You are viewing a plain text version of this content. The canonical link for it is here.
Posted to commits@stanbol.apache.org by "Rupert Westenthaler (JIRA)" <ji...@apache.org> on 2013/06/20 09:09:24 UTC
[jira] [Created] (STANBOL-1116) Filter Literals of suggested
Entities based on Languages used for Lookups
Rupert Westenthaler created STANBOL-1116:
--------------------------------------------
Summary: Filter Literals of suggested Entities based on Languages used for Lookups
Key: STANBOL-1116
URL: https://issues.apache.org/jira/browse/STANBOL-1116
Project: Stanbol
Issue Type: Sub-task
Reporter: Rupert Westenthaler
Assignee: Rupert Westenthaler
EntityLinking uses two languages to lookup Entities:
(1) the language of the current document (as detected by language detection)
(2) the default mapping language (default: null ... labels without language tag)
In multi-lingual vocabularies (e.g. dbpedia or freebase) entities might define literal values for a lot of languages (for freebase there might be labels for more as 100 languages for some entities)
Currently the EntityLinkingEngine includes labels of all languages in the EnhancementResults. This has two disadvantages:
(1) All values need to be provided by the EntitySearcher. This might require to convert all those values to Clerezza RDF (such as in the case of the Solr based EntitySearcher)
(2) If dereferencing is activated a lot of additional literals (ant therefore triples) are added to the Enhancement results.

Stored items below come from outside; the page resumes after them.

(* For every formula $A$ of $\mathbf{L_1}$: $\dashv_H A$ if and only if $TA$ is not valid in first-order predicate logic with equality.
   Context: Formulas of $\mathbf{L_1}$: built from atomic formulas $\epsilon ab$ ($a,b$ name variables, possibly equal) with primitive connectives $\vee,\sim$; $\wedge,\supset,\equiv$ defined as usual. Disjunctions may be associated in any way. $\vdash_H A$: $A$ belongs to the smallest set containing all instances of classical propositional tautologies and all formulas $\epsilon ab\supset\epsilon aa$, $(\epsilon ab\wedge\epsilon bc)\supset\epsilon ac$, $(\epsilon ab\wedge\epsilon bb)\supset\epsilon ba$, closed under modus ponens. Positive/negative parts (occurrences): $A$ is a positive part of $A$; if $B\vee C$ is a positive part then $B,C$ are positive parts; if $\sim B$ is a positive part then $B$ is a negative part; if $\sim B$ is a negative part then $B$ is a positive part. $F[B_+,B_-]$ denotes a formula in which some $B$ has one occurrence as positive part and another non-overlapping occurrence as negative part. Hintikka formula: a formula $H$ such that (1) $H$ is not of the form $F[B_+,B_-]$; (2) if $B\vee C$ is a negative part of $H$ then $B$ or $C$ is; (3) if $\epsilon ab$ is a negative part then so is $\epsilon aa$; (4) if $\epsilon ab,\epsilon bc$ are negative parts then so is $\epsilon ac$; (5) if $\epsilon ab,\epsilon bb$ are negative parts then so is $\epsilon ba$. $\mathbf{HAR}$: fix a name variable $a_0$; $\dashv_H$ is the smallest set such that $\dashv_H\epsilon a_0a_0$; $\dashv_H\sim\epsilon a_0a_0$; if $\vdash_H A\supset B$ and $\dashv_H B$ then $\dashv_H A$; if $\dashv_H A$ and $A$ is obtained from $B$ by uniform substitution of name variables for name variables then $\dashv_H B$; if $A$ is a Hintikka formula that is a disjunction of atomic or negated atomic formulas, $\dashv_H A$, and $\epsilon ab$ is not a negative part of $A$, then $\dashv_H A\vee\epsilon ab$. Translation $T$ into first-order logic with equality, with a monadic predicate $F_a$ for each name variable $a$: $T\epsilon ab=\exists x(F_ax\wedge F_bx)\wedge\forall x\forall y(F_ax\wedge F_ay\supset x=y)$; $T(A\vee B)=TA\vee TB$; $T(\sim A)=\sim TA$. Valid: true in every structure with nonempty domain and $=$ as identity. *)

From Stdlib Require Import List.
Import ListNotations.

Definition name := nat.

Inductive form : Type :=
| Eps : name -> name -> form
| Or : form -> form -> form
| Neg : form -> form.

Definition And (A B : form) : form := Neg (Or (Neg A) (Neg B)).
Definition Imp (A B : form) : form := Or (Neg A) B.
Definition Iff (A B : form) : form := And (Imp A B) (Imp B A).

Inductive pform : Type :=
| PVar : nat -> pform
| POr : pform -> pform -> pform
| PNeg : pform -> pform.

Fixpoint peval (v : nat -> bool) (P : pform) : bool :=
  match P with
  | PVar n => v n
  | POr P Q => orb (peval v P) (peval v Q)
  | PNeg P => negb (peval v P)
  end.

Definition ptautology (P : pform) : Prop := forall v, peval v P = true.

Fixpoint psubst (s : nat -> form) (P : pform) : form :=
  match P with
  | PVar n => s n
  | POr P Q => Or (psubst s P) (psubst s Q)
  | PNeg P => Neg (psubst s P)
  end.

Definition taut_instance (A : form) : Prop :=
  exists (P : pform) (s : nat -> form), ptautology P /\ A = psubst s P.

Inductive provH : form -> Prop :=
| pH_taut A : taut_instance A -> provH A
| pH_ax1 a b : provH (Imp (Eps a b) (Eps a a))
| pH_ax2 a b c : provH (Imp (And (Eps a b) (Eps b c)) (Eps a c))
| pH_ax3 a b : provH (Imp (And (Eps a b) (Eps b b)) (Eps b a))
| pH_mp A B : provH (Imp A B) -> provH A -> provH B.

(** * Positive / negative parts (occurrences)
   An occurrence is given by its path from the root; polarity [true] means
   positive, [false] negative. *)
Inductive dir : Type := DL | DR | DN.

Inductive part (A : form) : list dir -> form -> bool -> Prop :=
| part_top : part A [] A true
| part_orl p B C : part A p (Or B C) true -> part A (p ++ [DL]) B true
| part_orr p B C : part A p (Or B C) true -> part A (p ++ [DR]) C true
| part_neg p B pol : part A p (Neg B) pol -> part A (p ++ [DN]) B (negb pol).

Definition pos_part (B A : form) : Prop := exists p, part A p B true.
Definition neg_part (B A : form) : Prop := exists p, part A p B false.

Definition prefix (p q : list dir) : Prop := exists r, q = p ++ r.

(* A is of the form F[B_+, B_-]: some B has a positive occurrence and a
   non-overlapping negative occurrence. *)
Definition has_pos_neg (A : form) : Prop :=
  exists B p q, part A p B true /\ part A q B false /\
    ~ prefix p q /\ ~ prefix q p.

Definition hintikka (H : form) : Prop :=
  ~ has_pos_neg H /\
  (forall B C, neg_part (Or B C) H -> neg_part B H \/ neg_part C H) /\
  (forall a b, neg_part (Eps a b) H -> neg_part (Eps a a) H) /\
  (forall a b c, neg_part (Eps a b) H -> neg_part (Eps b c) H ->
     neg_part (Eps a c) H) /\
  (forall a b, neg_part (Eps a b) H -> neg_part (Eps b b) H ->
     neg_part (Eps b a) H).

Inductive literal_disj : form -> Prop :=
| ld_atom a b : literal_disj (Eps a b)
| ld_neg a b : literal_disj (Neg (Eps a b))
| ld_or A B : literal_disj A -> literal_disj B -> literal_disj (Or A B).

Fixpoint nsubst (s : name -> name) (A : form) : form :=
  match A with
  | Eps a b => Eps (s a) (s b)
  | Or A B => Or (nsubst s A) (nsubst s B)
  | Neg A => Neg (nsubst s A)
  end.

Inductive rejH (a0 : name) : form -> Prop :=
| rH_pos : rejH a0 (Eps a0 a0)
| rH_neg : rejH a0 (Neg (Eps a0 a0))
| rH_mr A B : provH (Imp A B) -> rejH a0 B -> rejH a0 A
| rH_subst A B (s : name -> name) : rejH a0 A -> A = nsubst s B -> rejH a0 B
| rH_hint A a b : hintikka A -> literal_disj A -> rejH a0 A ->
    ~ neg_part (Eps a b) A -> rejH a0 (Or A (Eps a b)).

Definition var := nat.

Inductive fo : Type :=
| FPred : name -> var -> fo
| FEq : var -> var -> fo
| FNot : fo -> fo
| FOr : fo -> fo -> fo
| FAnd : fo -> fo -> fo
| FImp : fo -> fo -> fo
| FEx : var -> fo -> fo
| FAll : var -> fo -> fo.

Definition upd {D : Type} (v : var -> D) (x : var) (d : D) : var -> D :=
  fun y => if Nat.eqb y x then d else v y.

Fixpoint sat {D : Type} (I : name -> D -> Prop) (v : var -> D) (phi : fo)
  : Prop :=
  match phi with
  | FPred a x => I a (v x)
  | FEq x y => v x = v y
  | FNot p => ~ sat I v p
  | FOr p q => sat I v p \/ sat I v q
  | FAnd p q => sat I v p /\ sat I v q
  | FImp p q => sat I v p -> sat I v q
  | FEx x p => exists d : D, sat I (upd v x d) p
  | FAll x p => forall d : D, sat I (upd v x d) p
  end.

Definition fo_valid (phi : fo) : Prop :=
  forall (D : Type), inhabited D ->
  forall (I : name -> D -> Prop) (v : var -> D), sat I v phi.

Fixpoint T (A : form) : fo :=
  match A with
  | Eps a b =>
      FAnd (FEx 0 (FAnd (FPred a 0) (FPred b 0)))
           (FAll 0 (FAll 1 (FImp (FAnd (FPred a 0) (FPred a 1)) (FEq 0 1))))
  | Or A B => FOr (T A) (T B)
  | Neg A => FNot (T A)
  end.

(* Both directions go through the three laws of epsilon, packaged as the
   closure properties [eps_rel] of a binary relation on names.
   - Soundness (HAR rejects only non-valid formulas) is by induction on
     rejection.  Provable formulas are true under every boolean valuation of
     atoms whose true atoms form an [eps_rel], hence in every structure;
     substitution is harmless; and for the Hintikka rule every [eps_rel] N is
     realised exactly by the interpretation of "eps" in an explicit structure
     ([model_eps_true]), which applied to the negative parts of the Hintikka
     formula yields a countermodel.
   - Completeness: from a structure falsifying TA we read off the finite
     "diagram" of A, the true and false atoms over the names of A.  The
     disjunction of the negated true atoms is rejected (by substitution from
     the axiom ~eps a0 a0), the false atoms are then added one by one with
     the Hintikka rule, and A implies the resulting disjunction by a
     tautology, so A is rejected by the modus-ponens rule of rejection. *)
From Stdlib Require Import List Bool Classical ClassicalEpsilon
  FunctionalExtensionality PropExtensionality Cantor.
Import ListNotations.

(* The laws of epsilon (ax1-ax3 of |-_H) as closure properties of a relation. *)
Record eps_rel (N : name -> name -> Prop) : Prop := {
  eps_left : forall a b, N a b -> N a a;
  eps_trans : forall a b c, N a b -> N b c -> N a c;
  eps_conv : forall a b, N a b -> N b b -> N b a }.

Lemma eps_rel_restrict (P : name -> Prop) (N : name -> name -> Prop) :
  eps_rel N -> eps_rel (fun c d => P c /\ P d /\ N c d).
Proof.
  intros [H1 H2 H3]; split.
  - intros a b (Pa & _ & Hab); eauto.
  - intros a b c (Pa & _ & Hab) (_ & Pc & Hbc); eauto.
  - intros a b (Pa & Pb & Hab) (_ & _ & Hbb); eauto.
Qed.

Section Semantics.
Context {D : Type} (I : name -> D -> Prop) (v : var -> D).

Definition eps_true (a b : name) : Prop := sat I v (T (Eps a b)).

Lemma eps_true_iff a b : eps_true a b <->
  (exists d, I a d /\ I b d) /\ (forall x y, I a x -> I a y -> x = y).
Proof.
  unfold eps_true; simpl; unfold upd; simpl. split.
  - intros [Hex Huniq]; split; [exact Hex|].
    intros x y Hx Hy; exact (Huniq x y (conj Hx Hy)).
  - intros [Hex Huniq]; split; [exact Hex|].
    intros x y [Hx Hy]; exact (Huniq x y Hx Hy).
Qed.

Lemma eps_true_rel : eps_rel eps_true.
Proof.
  split.
  - intros a b; rewrite !eps_true_iff; intros [[d [Ha _]] Hu]; eauto.
  - intros a b c; rewrite !eps_true_iff.
    intros [[d [Ha Hb]] Hua] [[e [Hb' Hc]] Hub].
    split; [|exact Hua]. exists d; split; [exact Ha|].
    rewrite (Hub d e Hb Hb'); exact Hc.
  - intros a b; rewrite !eps_true_iff.
    intros [[d [Ha Hb]] _] [_ Hub]; split; eauto.
Qed.

Definition atom_val (a b : name) : bool :=
  if excluded_middle_informative (eps_true a b) then true else false.

Lemma atom_val_true a b : atom_val a b = true <-> eps_true a b.
Proof.
  unfold atom_val; destruct (excluded_middle_informative _); split;
    congruence || tauto.
Qed.

Lemma atom_val_rel : eps_rel (fun a b => atom_val a b = true).
Proof.
  destruct eps_true_rel as [H1 H2 H3]; split; intros *; rewrite !atom_val_true; eauto.
Qed.
End Semantics.

Fixpoint evalb (al : name -> name -> bool) (A : form) : bool :=
  match A with
  | Eps a b => al a b
  | Or A B => evalb al A || evalb al B
  | Neg A => negb (evalb al A)
  end.

Lemma sat_T_evalb {D : Type} (I : name -> D -> Prop) (v : var -> D) A :
  sat I v (T A) <-> evalb (atom_val I v) A = true.
Proof.
  induction A as [a b|A IHA B IHB|A IHA]; simpl.
  - rewrite atom_val_true; reflexivity.
  - rewrite orb_true_iff, IHA, IHB; reflexivity.
  - rewrite IHA, negb_true_iff, <- not_true_iff_false; reflexivity.
Qed.

Fixpoint skeleton (A : form) : pform :=
  match A with
  | Eps a b => PVar (to_nat (a, b))
  | Or A B => POr (skeleton A) (skeleton B)
  | Neg A => PNeg (skeleton A)
  end.

Definition atom_of_code (n : nat) : form := let (a, b) := of_nat n in Eps a b.

Lemma psubst_skeleton A : psubst atom_of_code (skeleton A) = A.
Proof.
  induction A as [a b|A IHA B IHB|A IHA]; simpl; try congruence.
  unfold atom_of_code; pose proof (cancel_of_to (a, b)) as E; simpl in E.
  rewrite E; reflexivity.
Qed.

Lemma peval_skeleton w A :
  peval w (skeleton A) = evalb (fun a b => w (to_nat (a, b))) A.
Proof. induction A as [a b|A IHA B IHB|A IHA]; simpl; rewrite ?IHA, ?IHB; reflexivity. Qed.

Lemma evalb_psubst al s P :
  evalb al (psubst s P) = peval (fun n => evalb al (s n)) P.
Proof. induction P; simpl; congruence. Qed.

Lemma provH_of_bool_taut A : (forall al, evalb al A = true) -> provH A.
Proof.
  intro Htaut; apply pH_taut; exists (skeleton A), atom_of_code; split.
  - intro w; rewrite peval_skeleton; apply Htaut.
  - symmetry; apply psubst_skeleton.
Qed.

Lemma provH_sound A : provH A ->
  forall al, eps_rel (fun a b => al a b = true) -> evalb al A = true.
Proof.
  induction 1 as [A [P [s [HP ->]]]|a b|a b c|a b|A B _ IHAB _ IHA];
    intros al Hal; simpl.
  - rewrite evalb_psubst; apply HP.
  - destruct (al a b) eqn:Eab; [rewrite (eps_left _ Hal a b Eab)|]; reflexivity.
  - destruct (al a b) eqn:Eab, (al b c) eqn:Ebc; try reflexivity.
    rewrite (eps_trans _ Hal a b c Eab Ebc); reflexivity.
  - destruct (al a b) eqn:Eab, (al b b) eqn:Ebb; try reflexivity.
    rewrite (eps_conv _ Hal a b Eab Ebb); reflexivity.
  - specialize (IHAB al Hal); simpl in IHAB.
    rewrite (IHA al Hal) in IHAB; exact IHAB.
Qed.

Fixpoint subform_at (A : form) (p : list dir) {struct p} : option form :=
  match p with
  | [] => Some A
  | d :: p' =>
      match d, A with
      | DL, Or B _ => subform_at B p'
      | DR, Or _ C => subform_at C p'
      | DN, Neg B => subform_at B p'
      | _, _ => None
      end
  end.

This has both a negative impact for performance AND also the size of the Enhancement Results.
This issue will adapt the EntiySearcher interface to allow specifying
* selected fields
* selected languages
with all requests, where the languages used to query will always be included to the parsed selected languages and the label field, type field and redirect field will always be included in the selected fields - as those information are required by the linking process itself.
EntitySearcher implementation may ignore those configurations and return all values for returned entities instead.
--
This message is automatically generated by JIRA.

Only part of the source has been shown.